Got to live with it: The IMD is now going official with the “new normal” dates for India’s monsoon season, having had to recalibrate dates used for 79 years | Photo: MIT

India set to adopt ‘new normal’ reference dates for its monsoon season

The India Meteorological Department (IMD) will release the ‘new normal’ reference dates for the monsoon season in the country. While the arrival of the southwest monsoon in Kerala is likely to remain the same, June 1, the withdrawal of rain from north-west India is likely to be delayed by at least 10 days – from September 1 to September 10.

India has been adhering to the previous dates for the past 79 years. The new dates are based on the analysis of historic data on changing rainfall patterns across India. IMD hopes the change will help farmers, disaster management authorities and other civic agencies to plan better for the season.

Methane emissions in Arctic Ocean highly overestimated: Study

Methane emissions, especially in regions like the Arctic Ocean, are highly overestimated, a new study states. It opines that because the Arctic Ocean region is a harsh working environment, scientific expeditions are only conducted during the warmer months because of predictable weather and water currents. Therefore, most of the data on methane discharge from the ocean floors in this region is collected in summer and early autumn.

The study, however, states that methane discharge system hibernates in the winter months. Case in point: “We have found that seasonal differences in bottom water temperatures in the Arctic Ocean vary from 1.7°C in May to 3.5°C in August. The methane seeps in colder conditions decrease emissions by 43% in May compared to August.” says oceanographer Benedicte Ferré, researcher at CAGE Centre for Arctic Gas Hydrate, Environment and Climate at UiT The Arctic University of Norway. This means that climate gas calculations are disregarding seasonal temperature variations, according to the study. It does not, however, look into the future when ocean temperatures are set to rise to anywhere between 3°C to 13°C because of climate change. It only looks are correcting the current methane emissions budget.

Study links climate change with an increase in violent crimes in the US           

Climate change could lead to a significant increase in violent crimes in the United States every year, according to a new study. The study, which was published in Environment Research Letters, states that depending on the rate at which temperature rises, the country could see at least 2 to 3 million more violent crimes between now and the end of the century.

The projections were made by combining empirical models from previous studies with 42 state-of-the-art global climate models and the study also accounted for regionality and seasonality.

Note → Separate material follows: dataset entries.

Lemma Pi_sign_commute X :
  (forall g, sign_commute (U g) X) -> Pi *m X *m Pi = 0 \/ Pi *m X = X *m Pi.
Proof.
move=> UX; have [/existsP[g0 /eqP noncomm]|/existsPn comm] :=
  boolP [exists g, U g *m X != X *m U g].
  left; have [[] UgX] := UX g0; last by rewrite expr0 scale1r in UgX.
  have PXP : Pi *m X *m Pi = - (Pi *m X *m Pi).
    by rewrite -{1}(Pi_U g0) -(mulmxA _ (U g0)) UgX expr1 scaleN1r mulmxN mulNmx -!mulmxA U_Pi.
  by apply/matrixP => i j; rewrite [RHS]mxE; apply: oppr_fixed_eq0; rewrite {1}PXP mxE.
right; rewrite /Pi_pn -scalemxAl -scalemxAr mulmx_suml mulmx_sumr; congr (_ *: _).
by apply: eq_bigr => g _; apply/eqP/negPn/comm.
Qed.

Lemma Pi_neq0 : (0 < N)%N -> Pi != 0.
Proof.
move=> N_gt0; apply/eqP => Pi0; have := congr1 mxtrace sum_Uh_Pi_Uh.
rewrite Pi0 big1 => [|chi _]; last by rewrite mulmx0 mul0mx.
by rewrite mxtrace0 mxtrace1 => /eqP; rewrite eq_sym pnatr_eq0 (negbTE (lt0n_neq0 N_gt0)).
Qed.

Variables (E : Ghat m -> 'M[algC]_N) (C : Ghat m -> Ghat m -> algC).
Hypothesis N_gt0 : (0 < N)%N.
Hypothesis E_unitary : forall chi, unitary (E chi).
Hypothesis E_dag : forall chi, exists b : bool, dag (E chi) = (-1) ^+ b *: E chi.
Hypothesis U_E : forall g chi, sign_commute (U g) (E chi).
Hypothesis E_triv : forall chi, is_triv chi -> E chi = 1%:M.
Hypothesis E_correctable : forall chi psi, Pi *m dag (E chi) *m E psi *m Pi = C chi psi *: Pi.
Hypothesis C_unit :
  \matrix_(i < #|{: Ghat m}|, j < #|{: Ghat m}|) C (enum_val i) (enum_val j) \in unitmx.

Lemma Pi_dag_mul_Pi (A B : 'M[algC]_N) :
  Pi *m dag A *m B *m Pi = dag (A *m Pi) *m (B *m Pi).
Proof. by rewrite dagM Pi_herm !mulmxA. Qed.

Lemma C_diag chi : C chi chi = 1.
Proof.
apply: (scalemx_injl (Pi_neq0 N_gt0)); rewrite /= -E_correctable scale1r.
by rewrite -(mulmxA Pi) (E_unitary chi).1 mulmx1 Pi_idem.
Qed.

Lemma E_Pi_proportional chi psi :
  C chi psi != 0 -> E psi *m Pi = C chi psi *: (E chi *m Pi).
Proof.
move=> nzC; set X := dag (E chi) *m E psi.
have UX g : sign_commute (U g) X.
  rewrite /X; have [b ->] := E_dag chi.
  exact: sign_commuteMr (sign_commuteZr _ (U_E g chi)) (U_E g psi).
have PXP : Pi *m X *m Pi = C chi psi *: Pi by rewrite mulmxA E_correctable.
have XPi : X *m Pi = C chi psi *: Pi.
  have [PXP0|PX] := Pi_sign_commute UX.
    move/eqP: PXP; rewrite PXP0 eq_sym scalemx_eq0 (negbTE nzC).
    by rewrite (negbTE (Pi_neq0 N_gt0)).
  by rewrite -PXP PX -mulmxA Pi_idem.
by rewrite scalemxAr -XPi /X !mulmxA (E_unitary chi).2 mul1mx.
Qed.

Lemma C_offdiag chi psi : chi != psi -> C chi psi = 0.
Proof.
(* Otherwise row psi of C is a multiple of row chi. *)
move=> neq; apply/eqP; apply: contraTT C_unit => nzC.
apply: (proportional_rows_notin_unitmx (c := (C chi psi)^*) neq) => phi.
apply: (scalemx_injl (Pi_neq0 N_gt0)); rewrite /= -scalerA -!E_correctable !Pi_dag_mul_Pi.
by rewrite (E_Pi_proportional nzC) dagZ -scalemxAl.
Qed.

Lemma Pi_dagE_E_Pi chi psi : Pi *m dag (E chi) *m E psi *m Pi = (chi == psi)%:R *: Pi.
Proof.
rewrite E_correctable; have [->|neq] := eqVneq chi psi; first by rewrite C_diag.
by rewrite C_offdiag.
Qed.

Lemma Pi_E_Pi chi : chi != Ghat1 m -> Pi *m E chi *m Pi = 0.
Proof.
move=> ntriv; have := Pi_dagE_E_Pi (Ghat1 m) chi.
by rewrite eq_sym (negbTE ntriv) scale0r (E_triv (@is_triv_Ghat1 m)) dag1 mulmx1.
Qed.

Lemma sum_E_Pi_dagE : \sum_chi E chi *m Pi *m dag (E chi) = 1%:M.
Proof.
(* The E chi *m Pi *m dag (E chi) are orthogonal projections of total trace N. *)
set Q := \sum_chi _.
have Q_herm : dag Q = Q.
  by rewrite dag_sum; apply: eq_bigr => chi _; rewrite !dagM dagK Pi_herm mulmxA.
have orth chi psi : E chi *m Pi *m dag (E chi) *m (E psi *m Pi *m dag (E psi)) =
    (chi == psi)%:R *: (E chi *m Pi *m dag (E psi)).
  transitivity (E chi *m (Pi *m dag (E chi) *m E psi *m Pi) *m dag (E psi)).
    by rewrite !mulmxA.
  by rewrite Pi_dagE_E_Pi -scalemxAr -scalemxAl.
have Q_idem : Q *m Q = Q.
  rewrite mulmx_suml; apply: eq_bigr => chi _; rewrite mulmx_sumr (bigD1 chi) //=.
  rewrite orth eqxx scale1r big1 ?addr0 // => psi neq.
  by rewrite orth eq_sym (negbTE neq) scale0r.
have trQ : \tr Q = \tr (1%:M : 'M[algC]_N).
  rewrite -sum_Uh_Pi_Uh !raddf_sum; apply: eq_bigr => chi _ /=.
  by rewrite mxtrace_mulC [RHS]mxtrace_mulC !mulmxA (E_unitary chi).1 Uh_sqr !mul1mx.
apply/eqP; rewrite eq_sym -subr_eq0; apply/eqP/herm_idem_mxtrace0.
- by rewrite dagB dag1 Q_herm.
- by rewrite mulmxBl mul1mx mulmxBr mulmx1 Q_idem subrr subr0.
- by rewrite raddfB /= -trQ subrr.
Qed.

Lemma sum_dagE_Pi_E : \sum_chi dag (E chi) *m Pi *m E chi = 1%:M.
Proof.
rewrite -sum_E_Pi_dagE; move: (Pi_pn U) => P.
by apply: eq_bigr => chi _; have [b ->] := E_dag chi; rewrite -!scalemxAl -scalemxAr.
Qed.

Variable h : Ghat m -> 'rV['F_2]_m -> 'rV['F_2]_m.
Hypothesis h_bij : forall g, bijective (fun chi => h chi g).
Hypothesis h_triv : forall chi g, is_triv chi -> h chi g = g.

Definition recovery_op g : 'M[algC]_N :=
  sqrtC (2 ^ m)%:R *: \sum_chi Ph (h chi g) *m Pi *m E chi.

Lemma recovery_op_dag_mul g : dag (recovery_op g) *m recovery_op g = 1%:M.
Proof.
have term chi psi : dag (Ph (h chi g) *m Pi *m E chi) *m (Ph (h psi g) *m Pi *m E psi) =
    ((chi == psi)%:R / (2 ^ m)%:R) *: (dag (E chi) *m Pi *m E chi).
  rewrite !dagM Phat_herm Pi_herm.
  transitivity (dag (E chi) *m (Pi *m (Ph (h chi g) *m Ph (h psi g)) *m Pi) *m E psi).
    by rewrite !mulmxA.
  rewrite Phat_mul (inj_eq (bij_inj (h_bij g))); have [<-|_] := eqVneq chi psi.
    by rewrite Pi_Phat_Pi -scalemxAr -scalemxAl mul1r.
  by rewrite mulmx0 mul0mx mulmx0 mul0mx mul0r scale0r.
have row chi : dag (Ph (h chi g) *m Pi *m E chi) *m \sum_psi Ph (h psi g) *m Pi *m E psi =
    (2 ^ m)%:R^-1 *: (dag (E chi) *m Pi *m E chi).
  rewrite mulmx_sumr (bigD1 chi) //= term eqxx mul1r big1 ?addr0 // => psi neq.
  by rewrite term eq_sym (negbTE neq) mul0r scale0r.
have sqrt_norm : (sqrtC (2 ^ m)%:R)^* * sqrtC (2 ^ m)%:R = (2 ^ m)%:R :> algC.
  by rewrite geC0_conj ?sqrtC_ge0 ?ler0n // -expr2 sqrtCK.
rewrite /recovery_op dagZ dag_sum -scalemxAl -scalemxAr scalerA sqrt_norm mulmx_suml.
rewrite (eq_bigr _ (fun chi _ => row chi)) -scaler_sumr sum_dagE_Pi_E.
by rewrite scalerA mulfV ?scale1r.
Qed.

Lemma recovery_op_Pi g : recovery_op g *m Pi = sqrtC (2 ^ m)%:R *: (Ph g *m Pi).
Proof.
rewrite /recovery_op -scalemxAl mulmx_suml (bigD1 (Ghat1 m)) //= big1 ?addr0.
  by rewrite (h_triv _ (@is_triv_Ghat1 m)) (E_triv (@is_triv_Ghat1 m)) mulmx1 -mulmxA Pi_idem.
by move=> chi ntriv; rewrite -!mulmxA (mulmxA Pi) Pi_E_Pi // mulmx0.
Qed.

End CodeSpace.

Theorem mainTheorem16 (n k : nat) (hk : (k < n)%N)
  (U : 'rV['F_2]_(n - k) -> 'M[algC]_(2 ^ n))
  (Uh : Ghat (n - k) -> 'M[algC]_(2 ^ n))
  (E : Ghat (n - k) -> 'M[algC]_(2 ^ n))
  (h : Ghat (n - k) -> 'rV['F_2]_(n - k) -> 'rV['F_2]_(n - k)) :
  (* U : G -> P_n is a faithful unitary representation with -I not in U(G) *)
  (forall g, pauli_group (U g)) ->
  (forall g, unitary (U g)) ->
  U 0 = 1%:M ->
  (forall g1 g2, U (g1 + g2) = U g1 *m U g2) ->
  injective U ->
  (forall g, U g != - 1%:M) ->
  (* hat U : hat G -> unitaries, a representation dual to U *)
  (forall chi, unitary (Uh chi)) ->
  (forall chi, is_triv chi -> Uh chi = 1%:M) ->
  (forall chi psi phi, (forall g, chi_val phi g = chi_val chi g * chi_val psi g) ->
      Uh phi = Uh chi *m Uh psi) ->
  (forall g chi, U g *m Uh chi = chi_val chi g *: (Uh chi *m U g)) ->
  (* {E_chi} subset of P_n, correctable, maximal and non-degenerate *)
  (forall chi, pauli_group (E chi)) ->
  (exists C : Ghat (n - k) -> Ghat (n - k) -> algC,
     [/\ forall chi psi,
           Pi_pn U *m dag (E chi) *m E psi *m Pi_pn U = C chi psi *: Pi_pn U,
         forall chi psi, C psi chi = (C chi psi)^*,
         \rank (\matrix_(i < #|{: Ghat (n - k)}|, j < #|{: Ghat (n - k)}|)
                  C (enum_val i) (enum_val j)) = (2 ^ (n - k))%N
       & (\matrix_(i < #|{: Ghat (n - k)}|, j < #|{: Ghat (n - k)}|)
                  C (enum_val i) (enum_val j)) \in unitmx]) ->
  (* E_1 = I and E_chi(H_pn) is orthogonal to H_pn for chi <> 1 *)
  (forall chi, is_triv chi -> E chi = 1%:M) ->
  (forall chi, ~ is_triv chi -> forall v w : 'cV[algC]_(2 ^ n),
      Pi_pn U *m v = v -> Pi_pn U *m w = w -> dag w *m (E chi *m v) = 0) ->
  (* h(., g) is a bijection with h(1, g) = g *)
  (forall g, bijective (fun chi => h chi g)) ->
  (forall chi g, is_triv chi -> h chi g = g) ->
  forall g,
    let Ehat := sqrtC (2 ^ (n - k))%:R *:
                  \sum_(chi : Ghat (n - k))
                     Phat Uh (h chi g) *m Pi_pn U *m E chi in
    unitary Ehat /\
    Ehat *m Pi_pn U = sqrtC (2 ^ (n - k))%:R *: (Phat Uh g *m Pi_pn U).
Proof.
move=> U_pauli U_unitary U0 UD _ _ Uh_unitary Uh_triv UhM U_Uh E_pauli
  [C [E_correctable _ _ C_unit]] E_triv _ h_bij h_triv g Ehat.
have N_gt0 : (0 < 2 ^ n)%N by rewrite expn_gt0.
have E_unitary chi := pauli_group_unitary (E_pauli chi).
have E_dag chi := pauli_group_dag (E_pauli chi).
have U_E g' chi := pauli_group_sign_commute (U_pauli g') (E_pauli chi).
have Ehat_dag_mul : dag Ehat *m Ehat = 1%:M.
  exact: (recovery_op_dag_mul U_unitary U0 UD Uh_unitary Uh_triv UhM U_Uh
            N_gt0 E_unitary E_dag U_E E_correctable C_unit h_bij).
split; first by split; last exact: mulmx1C Ehat_dag_mul.
exact: (recovery_op_Pi U_unitary U0 UD Uh_triv UhM U_Uh
          N_gt0 E_unitary E_dag U_E E_triv E_correctable C_unit h_triv).
Qed.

Ocean temperatures hit record highs last year as global warming rate accelerates

Heat in oceans across the world reached record levels in 2019. This is a clear sign of the acceleration of global warming because oceans absorb 90% of the heat trapped by greenhouse gases that are released into the atmosphere because of human activities such as fossil fuel burning. According to the new analysis, the past five years are the top five warmest years recorded in the ocean and it is the result is the same with the past 10 years. This is significant because hotter oceans would lead to faster thawing of ice and rising seas, which have already reached record levels.

According to another report, warming oceans are also forcing leatherback turtles to travel twice as far for food because rising temperatures is causing their prey to move further north. The exhaustion of travelling so far for food is leading to the turtles laying fewer eggs on beaches, causing a decline in the population of the largest turtle species.

Chile’s 2017 mega fires doubled country’s greenhouse gas emissions

Mega fires in Chile in 2017 emitted an equivalent of 90% of the country’s greenhouse gas emissions that year. According to a report by Universidad de Chile’s Center for Climate and Resilience, the mega fires burnt more than 570,000 hectares of land and cost %350 million to put out. The fires released 100 million tonnes of carbon dioxide, almost as much as the 111.6 million tonnes emitted by the entire country the year before.

In Australia, brief rain spells and thunderstorms brought some hope the wildfires would be put out. But this was short-lived as the fires continue to rage in the country’s south-east. Some scientists fear the wildfires may permanently alter the country’s landscape, despite the country’s efforts to reseed the damaged areas. This is because the high temperatures, drought and the threat of more wildfires will make the recovery process much longer, scientists believe.

Oil and gas boom in US could mean new significant rise in greenhouse gas emissions: Study

The oil and gas boom in the Gulf and southwest regions of the US could generate more than half a billion tonnes of additional greenhouse gases per year by 2030, according to a study published in Environmental Research Letters this month. This is equivalent to 8% of the country’s current total annual emissions rate.

 Texas and Louisiana will record the bulk of these emissions, according to the study. This would make reducing the country’s emissions even more difficult if immediate steps aren’t taken to curb the rise.

Deforestation in Amazon rose 85% between 2018 and 2019: Brazilian government data

Deforestation in the Amazon rose by 85% last year compared to 2018. Brazil’s National Institute for Space Research (INPE) found the area with deforestation warnings last year totalled 9,166 sq km, compared to 4,946 sqkm in 2018.